Consistent with past research (e.g., Banyard et al., 2007; Krebs et al., 2997), women at Geneseo were significantly more likely than men to be sexually assaulted. To our knowledge, no nationwide studies have investigated rates of same-sex perpetration. At Geneseo, most sexual victimization occurred in a heterosexual context, although men who were sexual assaulted were significantly more likely than women to experience same-sex perpetration. On our campus, sexual assault among women, among men, and in the LGBT community should be addressed.

 Most Geneseo students who had behaviorally-specific sexual assault experiences did not identify having been "sexually assaulted." Likewise, the most common barriers to reporting sexual assault to Geneseo were minimization of the event, self-blame, and stigma. These results are consistent with larger sociocultural tendencies to minimize violations of sexual autonomy. Many students define terms like "sexual assault" in a narrow, stereotypical way (e.g., Anderson, 2007) and are reluctant to apply these terms to their own experiences, in part, because victims are routinely devalued (e.g., Valenti, 2010).

Few students reported their sexual assault experiences to Geneseo. Even among those who identified as sexually assaulted, about 18% told any personnel. Those who did, in fact, report sexual assaults to personnel were most likely to tell on campus health services or residence hall staff. Low rates of reporting converge with low rates nationwide documented by the ACHA (Carr, 2005). Common barriers to reporting specific to Geneseo policy or procedures involved a lack of proof or worry about being believed, the perceived ineffectiveness of reporting, and discomfort reporting to unfamiliar people.

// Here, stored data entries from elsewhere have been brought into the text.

(* Let $\mathbb{F}$ be a finite field. For every $k,m,r\in\mathbb{N}$ there exists $n\in\mathbb{N}$ such that for every $c:M^k_{n,k}(\mathbb{F})\to r$ there is $R\in\mathcal{E}_{n,m}(\mathbb{F})$ such that $\tau$ is a factor of $c$ on $R\cdot M^k_{m,k}(\mathbb{F})$, i.e. there is $\widehat{c}:\mathrm{GL}(\mathbb{F}^k)\to r$ with $c(R\cdot A)=\widehat{c}(\tau(R\cdot A))$ for every $A\in M^k_{m,k}(\mathbb{F})$.
   Context: $r$ is identified with $\{0,\dots,r-1\}$. $M^k_{n,m}(\mathbb{F})$ is the set of $n\times m$ matrices over $\mathbb{F}$ of rank $k$. $(u_i)$ denotes the unit vector basis. A $p\times q$ matrix $A$ is in reduced row echelon form (RREF) if there are $p_0\le p$ and a strictly increasing sequence $j_0<\dots<j_{p_0-1}<q$ such that $A u_{j_i}=u_i$ and $\langle A u_j\rangle_{j<j_i}=\langle u_l\rangle_{l<i}$ for every $i<p_0$; $A$ is in reduced column echelon form (RCEF) if its transpose is in RREF. $\mathcal{E}_{n,m}(\mathbb{F})$ is the set of $n\times m$ matrices of rank $m$ in RCEF. $\tau:M^k_{n,k}(\mathbb{F})\to\mathrm{GL}(\mathbb{F}^k)$ assigns to $A$ the unique invertible $k\times k$ matrix $\tau(A)$ such that $A\cdot\tau(A)$ is in RCEF. *)

From HB Require Import structures.
From mathcomp Require Import all_boot all_order all_algebra.
Set Implicit Arguments. Unset Strict Implicit. Unset Printing Implicit Defensive.
Import GRing.Theory.
Local Open Scope ring_scope.

Section Echelon.
Variable F : fieldType.

(* A q x p matrix whose row space
   is the span of the columns A u_j, j < t, of A (columns written as rows). *)
Definition colspan_lt (p q : nat) (A : 'M[F]_(p, q)) (t : nat) : 'M[F]_(q, p) :=
  \matrix_(j < q) (if (j < t)%N then row j A^T else 0).

(* Reduced row echelon form, following the paper: there are p0 <= p and a
   strictly increasing j_0 < ... < j_{p0-1} < q with A u_{j_i} = u_i and
   <A u_j>_{j < j_i} = <u_l>_{l < i} for i < p0; additionally (standard
   convention, implicit in the paper) all columns lie in <u_l>_{l < p0},
   i.e. rows p0,...,p-1 are zero. *)
Definition is_rref (p q : nat) (A : 'M[F]_(p, q)) : bool :=
  [exists p0 : 'I_p.+1, exists j : {ffun 'I_p -> 'I_q},
    [&& [forall i1 : 'I_p, forall i2 : 'I_p,
           ((i1 < i2)%N && (i2 < p0)%N) ==> (j i1 < j i2)%N],
        [forall i : 'I_p, (i < p0)%N ==>
           ((col (j i) A == delta_mx i (0 : 'I_1)) &&
            (colspan_lt A (j i) == (pid_mx i : 'M[F]_p))%MS)]
      & (A^T == (pid_mx p0 : 'M[F]_p))%MS]].

Definition is_rcef (p q : nat) (A : 'M[F]_(p, q)) : bool := is_rref A^T.

Definition in_E (n m : nat) (R : 'M[F]_(n, m)) : bool :=
  (\rank R == m) && is_rcef R.
End Echelon.

(* tau(A): the (unique, for A of rank k) invertible k x k matrix T with
   A *m T in RCEF; picked from the finite type of matrices. *)
Definition tau (F : finFieldType) (n k : nat) (A : 'M[F]_(n, k)) : 'M[F]_k :=
  match [pick T : 'M[F]_k | (T \in unitmx) && is_rcef (A *m T)] with
  | Some T => T
  | None => 1%:M
  end.

From HB Require Import structures.
From mathcomp Require Import all_boot all_order all_algebra.
From mathcomp Require Import zify perm.
Set Implicit Arguments. Unset Strict Implicit. Unset Printing Implicit Defensive.
Import GRing.Theory.

(* Call a matrix echelon if it has full column rank and is in reduced column
   echelon form.  A rank-k matrix A factors uniquely as A = E G with E echelon
   and G invertible, and then tau(A) = G^-1.  The theorem is therefore the
   Ramsey property of echelon matrices (Graham-Leeb-Rothschild) for the
   colouring E |-> (T |-> c(E T)): if R E has colour c0 for every echelon E,
   then c(R E G) = c0(G) = c0(tau(R E G)^-1).

   The Ramsey property is proved by induction on the number k of columns.  For
   k + 1 columns one first finds R such that the colour of R X only depends on
   the row of the last pivot of X; this is an induction on the number of rows
   of X, where the Ramsey property for k columns handles X whose last row is a
   pivot row, and the Hales-Jewett theorem over the alphabet of row vectors
   absorbs the otherwise arbitrary last row of X.  The pigeonhole principle
   then restricts R to columns on which this last-pivot colour is constant. *)

Definition line (A : Type) n (w : {ffun 'I_n -> A}) (S : {set 'I_n}) (a : A) :
    {ffun 'I_n -> A} :=
  [ffun i => if i \in S then a else w i].

Definition monochromatic_line (A : Type) (C : eqType) n (Phi : {ffun 'I_n -> A} -> C) :=
  exists w S, S != set0 /\ forall a b, Phi (line w S a) = Phi (line w S b).

Definition hales_jewett (A C : finType) :=
  exists n, forall Phi : {ffun 'I_n -> A} -> C, monochromatic_line Phi.

Lemma line_set0 (A : Type) n (w : {ffun 'I_n -> A}) a : line w set0 a = w.
Proof. by apply/ffunP=> i; rewrite ffunE inE. Qed.

Definition cat_word (A : Type) n1 n2 (u : {ffun 'I_n1 -> A}) (v : {ffun 'I_n2 -> A}) :
    {ffun 'I_(n1 + n2) -> A} :=
  [ffun i => match split i with inl i1 => u i1 | inr i2 => v i2 end].

Definition cat_set n1 n2 (S1 : {set 'I_n1}) (S2 : {set 'I_n2}) : {set 'I_(n1 + n2)} :=
  [set i | match split i with inl i1 => i1 \in S1 | inr i2 => i2 \in S2 end].

Lemma line_cat (A : Type) n1 n2 (u : {ffun 'I_n1 -> A}) (v : {ffun 'I_n2 -> A}) S1 S2 a :
  line (cat_word u v) (cat_set S1 S2) a = cat_word (line u S1 a) (line v S2 a).
Proof. by apply/ffunP=> i; rewrite !ffunE inE; case: split => j; rewrite ffunE. Qed.

Lemma cat_set_eq0 n1 n2 (S1 : {set 'I_n1}) (S2 : {set 'I_n2}) :
  (cat_set S1 S2 == set0) = (S1 == set0) && (S2 == set0).
Proof.
apply/eqP/andP => [S0|[/eqP-> /eqP->]]; last first.
  by apply/setP=> i; rewrite !inE; case: split => j; rewrite inE.
split; apply/eqP/setP=> j; rewrite inE.
  by move/setP/(_ (lshift n2 j)): S0; rewrite !inE (unsplitK (inl _ j)).
by move/setP/(_ (rshift n1 j)): S0; rewrite !inE (unsplitK (inr _ j)).
Qed.

Lemma monochromatic_cat_word (A : Type) (C : eqType) n1 n2 (v : {ffun 'I_n2 -> A})
    (Phi : {ffun 'I_(n1 + n2) -> A} -> C) :
  monochromatic_line (fun u => Phi (cat_word u v)) -> monochromatic_line Phi.
Proof.
case=> w [S [S0 mono]]; exists (cat_word w v), (cat_set S set0).
by rewrite cat_set_eq0 (negbTE S0); split=> // a b; rewrite !line_cat !line_set0.
Qed.

Lemma hales_jewett_surj (A B C : finType) (g : A -> B) (h : B -> A) :
  cancel h g -> hales_jewett A C -> hales_jewett B C.
Proof.
move=> hK [n hjA]; exists n => Phi.
have [w [S [S0 mono]]] := hjA (fun u => Phi [ffun i => g (u i)]).
exists [ffun i => g (w i)], S; split=> // a b.
have lineE c : line [ffun i => g (w i)] S c = [ffun i => g (line w S (h c) i)].
  by apply/ffunP=> i; rewrite !ffunE; case: (i \in S); rewrite ?hK ?ffunE.
by rewrite !lineE; apply: mono.
Qed.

Geneseo policy-related barriers were somewhat more frequently endorsed by students who identified as having been sexually assaulted. Even when victims do not minimize their experiences, they do not expect to be supported.

These survey results suggest the need for campus-wide educational programs aimed at reducing collective tendencies to minimize sexual assault and blame victims. Underreporting also suggests the need for Geneseo to evaluate our institutional policies and practices. The messages that we send about sexual assault can powerfully shape, for better or for worse, students' own understandings of sexual assault. ACHA and NIJ reports show that institutional policies and practices across the nation reflect the larger sociocultural context in which sexual assault is minimized. Our campus may also, albeit unintentionally, perpetuate these ideas. We should carefully consider our policies and procedures related to sexual assault. Regardless of the specific changes we make, one thing is certain. At Geneseo, we can do better.